The capital’s short term rental sector is continuing to perform well after the sector recovers, according to performance data from a tracking study released by STR.

The data benchmarking experts conducted the study in partnership with the UK Short Term Accommodation Association, measuring the three main accommodation sectors simultaneously and comparing how London’s short term rentals, hotels and serviced apartments perform on three key measures.

According to the findings, for occupancy, short term rentals averaged 68.4% for July – an uplift of 8.6% on June and 36.0% up year-on-year (y-o-y). Occupancy for serviced apartments averaged 70.0% which is a 12.0% increase on June and a 125% y-o-y rise. Hotels averaged 48.9% – up 20.7% on June and a y-o-y rise of 139.7%.

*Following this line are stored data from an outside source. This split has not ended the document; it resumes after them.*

Lemma pow_inv2_le_inv (k : nat) : (0 < k)%N -> (/ 2) ^ k <= / INR k.
Proof.
move=> k_gt0; rewrite pow_inv; apply: Rinv_le_contravar.
  by apply: lt_0_INR; apply/ltP.
have -> : 2 = INR 2 by rewrite /=; lra.
by rewrite -INR_expn; apply/le_INR/leP/ltnW/ltn_expl.
Qed.

Lemma exists_nat_between (t : R) : 0 <= t -> exists k : nat, t < INR k <= t + 1.
Proof.
move=> t_ge0; have [up_gt up_le] := archimed t.
have up_pos : (0 < up t)%Z by apply: lt_IZR; lra.
exists (Z.to_nat (up t)); rewrite INR_IZR_INZ Z2Nat.id; [lra | lia].
Qed.

Lemma Rleb_INR_nat (z k : nat) (t : R) : t < INR k <= t + 1 ->
  Rleb (INR z) t = (z < k)%N.
Proof.
move=> [tk kt]; rewrite /Rleb; case: Rle_dec => zt.
  by apply/esym; rewrite ltnNge; apply/negP => /leP /le_INR; lra.
by apply/esym/negbTE/negP => /leP /le_INR; rewrite S_INR; lra.
Qed.

Lemma Rpower_INR_unbounded (b M : R) : 0 < b ->
  exists N : nat, forall n : nat, (N <= n)%N -> M < Rpower (INR n) b.
Proof.
move=> b_gt0; set M' := Rmax 1 M.
have M'_gt0 : 0 < M' by have := Rmax_l 1 M; rewrite -/M'; lra.
have y_gt0 : 0 < Rpower M' (/ b) by apply: exp_pos.
have [N [yN _]] := exists_nat_between (Rlt_le _ _ y_gt0).
exists N => n /leP /le_INR Nn.
apply: (Rle_lt_trans _ M'); first exact: Rmax_r.
have -> : M' = Rpower (Rpower M' (/ b)) b.
  by rewrite Rpower_mult Rinv_l ?Rpower_1 //; lra.
by apply: Rlt_Rpower_l => //; lra.
Qed.

Section ProbRM.
Variables (r n : nat).
Hypothesis r_gt0 : (0 < r)%N.
Implicit Types Q : {set {set 'I_(r * n)}} -> bool.

Lemma eq_prob_RM Q Q' : Q =1 Q' -> prob_RM Q = prob_RM Q'.
Proof.
move=> eqQ; rewrite /prob_RM.
suff -> : [set M | is_matching M && Q M] = [set M | is_matching M && Q' M] by [].
by apply/setP => M; rewrite !inE eqQ.
Qed.

Lemma prob_RM_ge0 Q : 0 <= prob_RM Q.
Proof.
apply: Rmult_le_pos; first exact: pos_INR.
by apply/Rlt_le/Rinv_0_lt_compat/lt_0_INR/ltP; exact: card_matchings_gt0.
Qed.

Lemma prob_RMC Q : prob_RM (fun M => ~~ Q M) = 1 - prob_RM Q.
Proof.
have tot_gt0 : 0 < INR #|[set M : {set {set 'I_(r * n)}} | is_matching M]|.
  by apply/lt_0_INR/ltP; exact: card_matchings_gt0.
have := cardsID [set M | Q M] [set M : {set {set 'I_(r * n)}} | is_matching M].
have -> : [set M | is_matching M] :&: [set M | Q M] = [set M | is_matching M && Q M].
  by apply/setP => M; rewrite !inE.
have -> : [set M | is_matching M] :\: [set M | Q M] =
    [set M | is_matching M && ~~ Q M] by apply/setP => M; rewrite !inE andbC.
move/(f_equal INR); rewrite plus_INR /prob_RM => split_tot.
rewrite -split_tot in tot_gt0 *.
set a := INR _ in tot_gt0 *; set b := INR _ in tot_gt0 *; field; lra.
Qed.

Short term rentals led the way for Average Daily Rates (ADRs) at £147.40, up 15.9% on June and 34.8% y-o-y. Serviced apartments earned an average of £126.10, a rise of 6.1% on June but down 3.2% y-o-y. Hotels averaged an ADR of £105.60 which was still a monthly increase of 6.2% and a y-o-y uplift of 26.0%.

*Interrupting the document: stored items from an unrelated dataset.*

Lemma ball2_const (g : R -> R -> R) a b r :
  (forall x y, ball2 a b r x y -> is_derive (fun t => g t y) x 0) ->
  (forall x y, ball2 a b r x y -> is_derive (fun t => g x t) y 0) ->
  forall x y, ball2 a b r x y -> g x y = g a b.
Proof.
  intros D1 D2 x y Hxy.
  assert (Hhor : forall t, Rmin a x <= t <= Rmax a x -> ball2 a b r t b).
  { intros t Ht. apply between_sqr in Ht. unfold ball2 in *.
    pose proof (pow2_ge_0 (y - b)). rewrite Rminus_diag. lra. }
  assert (Hver : forall t, Rmin b y <= t <= Rmax b y -> ball2 a b r x t).
  { intros t Ht. apply between_sqr in Ht. unfold ball2 in *. lra. }
  transitivity (g x b).
  - apply (eq_of_is_derive_zero (fun t => g x t)); intros t Ht.
    + apply D2, Hver. lra.
    + apply (is_derive_continuity_pt _ _ 0), D2, Hver, Ht.
  - apply (eq_of_is_derive_zero (fun t => g t b)); intros t Ht.
    + apply D1, Hhor. lra.
    + apply (is_derive_continuity_pt _ _ 0), D1, Hhor, Ht.
Qed.

Lemma connected2_const (U : set2) (g : R -> R -> R) x0 y0 :
  open2 U -> connected2 U -> U x0 y0 ->
  (forall x y, U x y -> is_derive (fun t => g t y) x 0) ->
  (forall x y, U x y -> is_derive (fun t => g x t) y 0) ->
  forall x y, U x y -> g x y = g x0 y0.
Proof.
  intros HU Hconn H0 D1 D2.
  assert (Hloc : forall a b, U a b -> exists r, 0 < r /\
            forall x y, ball2 a b r x y -> U x y /\ g x y = g a b).
  { intros a b Hab. destruct (HU a b Hab) as [r [Hr Hball]]. exists r. split; [exact Hr|].
    intros x y Hxy. split; [now apply Hball|].
    apply (ball2_const g a b r); auto. }
  destruct (Hconn (fun x y => U x y /\ g x y = g x0 y0) (fun x y => U x y /\ g x y <> g x0 y0))
    as [Hnone | Hnone].
  - intros a b [Hab E]. destruct (Hloc a b Hab) as [r [Hr Hball]]. exists r. split; [exact Hr|].
    intros x y Hxy. destruct (Hball x y Hxy) as [Hu ->]. auto.
  - intros a b [Hab E]. destruct (Hloc a b Hab) as [r [Hr Hball]]. exists r. split; [exact Hr|].
    intros x y Hxy. destruct (Hball x y Hxy) as [Hu ->]. auto.
  - intros x y Hxy. destruct (Req_dec (g x y) (g x0 y0)); auto.
  - intros x y _ [_ E] [_ NE]. contradiction.
  - exfalso. now apply (Hnone x0 y0 H0).
  - intros x y Hxy. apply NNPP. intros NE. now apply (Hnone x y Hxy).
Qed.

Lemma segment_const (g d1 d2 : R -> R -> R) x y dx dy ts :
  (forall u w, differentiable_pt_lim g u w (d1 u w) (d2 u w)) -> 0 <= ts ->
  (forall s, 0 < s < ts -> d1 (x + s * dx) (y + s * dy) = 0 /\ d2 (x + s * dx) (y + s * dy) = 0) ->
  g (x + ts * dx) (y + ts * dy) = g x y.
Proof.
  intros Hg Hts H0.
  set (h := fun s => g (x + s * dx) (y + s * dy)).
  assert (Dh : forall s, is_derive h s (d1 (x + s * dx) (y + s * dy) * dx + d2 (x + s * dx) (y + s * dy) * dy)).
  { intros s. apply is_derive_Reals.
    apply (derivable_pt_lim_comp_2d g (fun s => x + s * dx) (fun s => y + s * dy)); [apply Hg|..];
      apply is_derive_Reals; auto_derive; auto; ring. }
  change (h ts = g x y). replace (g x y) with (h 0) by (unfold h; f_equal; ring).
  apply eq_of_is_derive_zero; rewrite Rmin_left, Rmax_right by lra; intros s Hs.
  - destruct (H0 s Hs) as [E1 E2]. specialize (Dh s). rewrite E1, E2 in Dh.
    replace 0 with (0 * dx + 0 * dy) by ring. exact Dh.
  - exact (is_derive_continuity_pt _ _ _ (Dh s)).
Qed.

For Revenue per Available Room (RevPAR) short term rentals were ahead again averaging £100.80 in July – a monthly rise of 25.8% and an 83.3% y-o-y increase. Serviced apartments averaged £88.30 which was a rise of 18.6% on June and a y-o-y uplift of 118.3%. Hotels averaged £51.70 up 28.4% on June and a y-o-y increase of 202.0%.

And the average length of stay for short term rentals has continued to rise. In July it was 18.7 days compared to 17.2 days in June. In July last year, the average length of stay in a short term rental property was only 13.0 days. There is no comparable data with hotels and serviced apartments for this metric.

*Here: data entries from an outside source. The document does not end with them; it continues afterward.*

(* Let $I \subseteq R$ be a nonzero $\mathscr{D}(R,V)$-submodule of $R$. There exists a natural number $\ell \geq 0$ such that $I = \pi^\ell R$.
   Context: Let $(V, \pi V, k)$ be a DVR of mixed characteristic $(0,p)$ (i.e. $V$ has characteristic zero, maximal ideal generated by $\pi$, and residue field $k$ of characteristic $p>0$), and let $R$ be either $V[[x_1, \ldots, x_n]]$ or $V[x_1, \ldots, x_n]$ for some $n \geq 0$. $\mathscr{D}(R,V)$ denotes the ring of $V$-linear differential operators on $R$; it is generated over $R$ by the operators $\partial_i^{[t]} = \frac{1}{t!}\frac{\partial^t}{\partial x_i^t}$. *)

From HB Require Import structures.
From mathcomp Require Import all_boot all_order all_algebra.
From mathcomp Require Import mpoly.
Set Implicit Arguments. Unset Strict Implicit. Unset Printing Implicit Defensive.
Import Order.TTheory GRing.Theory Num.Theory.
Local Open Scope ring_scope.

Definition is_DVR_uniformizer (V : idomainType) (pi : V) : Prop :=
  [/\ pi != 0, pi \isn't a GRing.unit &
      forall x : V, x != 0 ->
        exists u : V, exists k : nat, u \is a GRing.unit /\ x = u * pi ^+ k].

(* Mixed characteristic (0,p): char V = 0, and the residue field V/piV *)
(* has characteristic p, i.e. p is prime and p lies in pi V.          *)
Definition mixed_char (V : idomainType) (pi : V) (p : nat) : Prop :=
  [/\ [pchar V] =i pred0, prime p & exists c : V, p%:R = pi * c].

(* Formal power series V[[x_1..x_n]]: coefficient functions on       *)
(* monomials 'X_{1..n}.                                              *)
Definition pseries (n : nat) (V : idomainType) := 'X_{1..n} -> V.

Definition ps0 n (V : idomainType) : pseries n V := fun _ => 0.
Definition psC n (V : idomainType) (c : V) : pseries n V := fun m => if m == 0%MM then c else 0.
Definition ps_add n (V : idomainType) (f g : pseries n V) : pseries n V := fun m => f m + g m.
Definition ps_mul n (V : idomainType) (f g : pseries n V) : pseries n V := fun m =>
  \sum_(a : 'X_{1..n < (mdeg m).+1}) \sum_(b : 'X_{1..n < (mdeg m).+1})
     if ((val a + val b)%MM == m) then f a * g b else 0.
(* divided-power derivative d_i^[t] = (1/t!) d^t/dx_i^t :            *)
(* coefficient of x^m in d_i^[t] f is C(m_i + t, t) f_{m + t e_i}.   *)
Definition ps_dderiv n (V : idomainType) (i : 'I_n) (t : nat) (f : pseries n V) : pseries n V :=
  fun m => 'C(m i + t, t)%:R * f (m + U_(i) *+ t)%MM.

(* I is a nonzero D(R,V)-submodule of R = V[[x]] (D(R,V) is generated  *)
(* over R by the d_i^[t], so stability = additive subgroup stable     *)
(* under multiplication by R and under all d_i^[t]).                  *)
Definition ps_Dsubmodule n (V : idomainType) (I : pseries n V -> Prop) : Prop :=
  [/\ I (@ps0 n V),
      forall f g, I f -> I g -> I (ps_add f g),
      forall r f, I f -> I (ps_mul r f) &
      forall i t f, I f -> I (ps_dderiv i t f)].

Definition mdderiv n (V : idomainType) (i : 'I_n) (t : nat) (p : {mpoly V[n]})
  : {mpoly V[n]} :=
  \sum_(m <- msupp p) ('C(m i, t)%:R * p@_m) *: 'X_[m - U_(i) *+ t].

Definition mp_Dsubmodule n (V : idomainType) (I : {mpoly V[n]} -> Prop) : Prop :=
  [/\ I 0,
      forall f g, I f -> I g -> I (f + g),
      forall r f, I f -> I (r * f) &
      forall i t f, I f -> I (mdderiv i t f)].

Merilee Karr, Chair of the STAA and CEO of UnderTheDoormat, said: “It’s really encouraging to see the performances of all three sectors continuing to improve. The short term rental sector in London continues to impress and has proved to be a very popular choice for visitors to the capital. As international visitors begin to return to the UK, especially to London, we anticipate that this picture will continue to improve which will help many of the sector’s operators and help drive the recovery in the capital.”

Patrick Mayock, STR’s VP of research & development, adds: “Our pilot study has shown that the short-term rentals sector is proving to be in robust shape. Whilst occupancy was just a little less in July compared to serviced apartments, the average daily rates earned were considerably higher indicating that customers are prepared to pay for this type of accommodation. With restrictions on travel being revised and expected to loosen, and business travel starting to return, it will be interesting to see what happens to other accommodation types in the coming months.”